Task objective: Below are several entries. Transcribe exactly those lines that fall from the one with "apply: (connected_within_split (S2" through the one with "rewrite [RHS](_ : _", end lines included.

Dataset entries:
____
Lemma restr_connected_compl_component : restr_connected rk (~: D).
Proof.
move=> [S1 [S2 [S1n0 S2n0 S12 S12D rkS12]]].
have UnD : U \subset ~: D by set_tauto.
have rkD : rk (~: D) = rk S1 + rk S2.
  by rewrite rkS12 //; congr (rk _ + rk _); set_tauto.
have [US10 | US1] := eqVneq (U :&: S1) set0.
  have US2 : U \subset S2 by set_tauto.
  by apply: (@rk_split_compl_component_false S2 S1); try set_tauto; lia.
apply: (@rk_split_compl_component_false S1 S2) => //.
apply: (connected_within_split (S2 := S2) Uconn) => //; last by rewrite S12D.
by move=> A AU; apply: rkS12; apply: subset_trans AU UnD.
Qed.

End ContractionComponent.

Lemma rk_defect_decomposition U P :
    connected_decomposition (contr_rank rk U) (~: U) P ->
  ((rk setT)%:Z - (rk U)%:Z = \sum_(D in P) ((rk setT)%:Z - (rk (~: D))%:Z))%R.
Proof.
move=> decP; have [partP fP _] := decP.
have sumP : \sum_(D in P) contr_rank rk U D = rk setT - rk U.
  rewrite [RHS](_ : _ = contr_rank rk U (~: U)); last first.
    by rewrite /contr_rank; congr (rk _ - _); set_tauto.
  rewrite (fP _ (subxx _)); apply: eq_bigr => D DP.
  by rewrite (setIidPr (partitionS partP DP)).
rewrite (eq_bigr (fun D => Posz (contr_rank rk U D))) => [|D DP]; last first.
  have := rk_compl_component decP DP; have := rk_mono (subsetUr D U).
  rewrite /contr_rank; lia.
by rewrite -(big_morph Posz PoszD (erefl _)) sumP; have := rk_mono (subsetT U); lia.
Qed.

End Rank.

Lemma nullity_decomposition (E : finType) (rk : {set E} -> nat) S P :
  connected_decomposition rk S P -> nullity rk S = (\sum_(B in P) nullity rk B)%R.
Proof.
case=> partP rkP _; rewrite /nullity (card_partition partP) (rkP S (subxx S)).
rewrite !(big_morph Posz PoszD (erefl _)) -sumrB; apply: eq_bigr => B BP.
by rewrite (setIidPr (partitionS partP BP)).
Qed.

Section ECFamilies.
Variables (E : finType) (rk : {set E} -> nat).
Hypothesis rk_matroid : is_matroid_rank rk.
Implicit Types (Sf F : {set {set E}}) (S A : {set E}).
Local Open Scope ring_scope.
____
Solution:
apply: (connected_within_split (S2 := S2) Uconn) => //; last by rewrite S12D.
by move=> A AU; apply: rkS12; apply: subset_trans AU UnD.
Qed.

End ContractionComponent.

Lemma rk_defect_decomposition U P :
    connected_decomposition (contr_rank rk U) (~: U) P ->
  ((rk setT)%:Z - (rk U)%:Z = \sum_(D in P) ((rk setT)%:Z - (rk (~: D))%:Z))%R.
Proof.
move=> decP; have [partP fP _] := decP.
have sumP : \sum_(D in P) contr_rank rk U D = rk setT - rk U.
  rewrite [RHS](_ : _ = contr_rank rk U (~: U)); last first.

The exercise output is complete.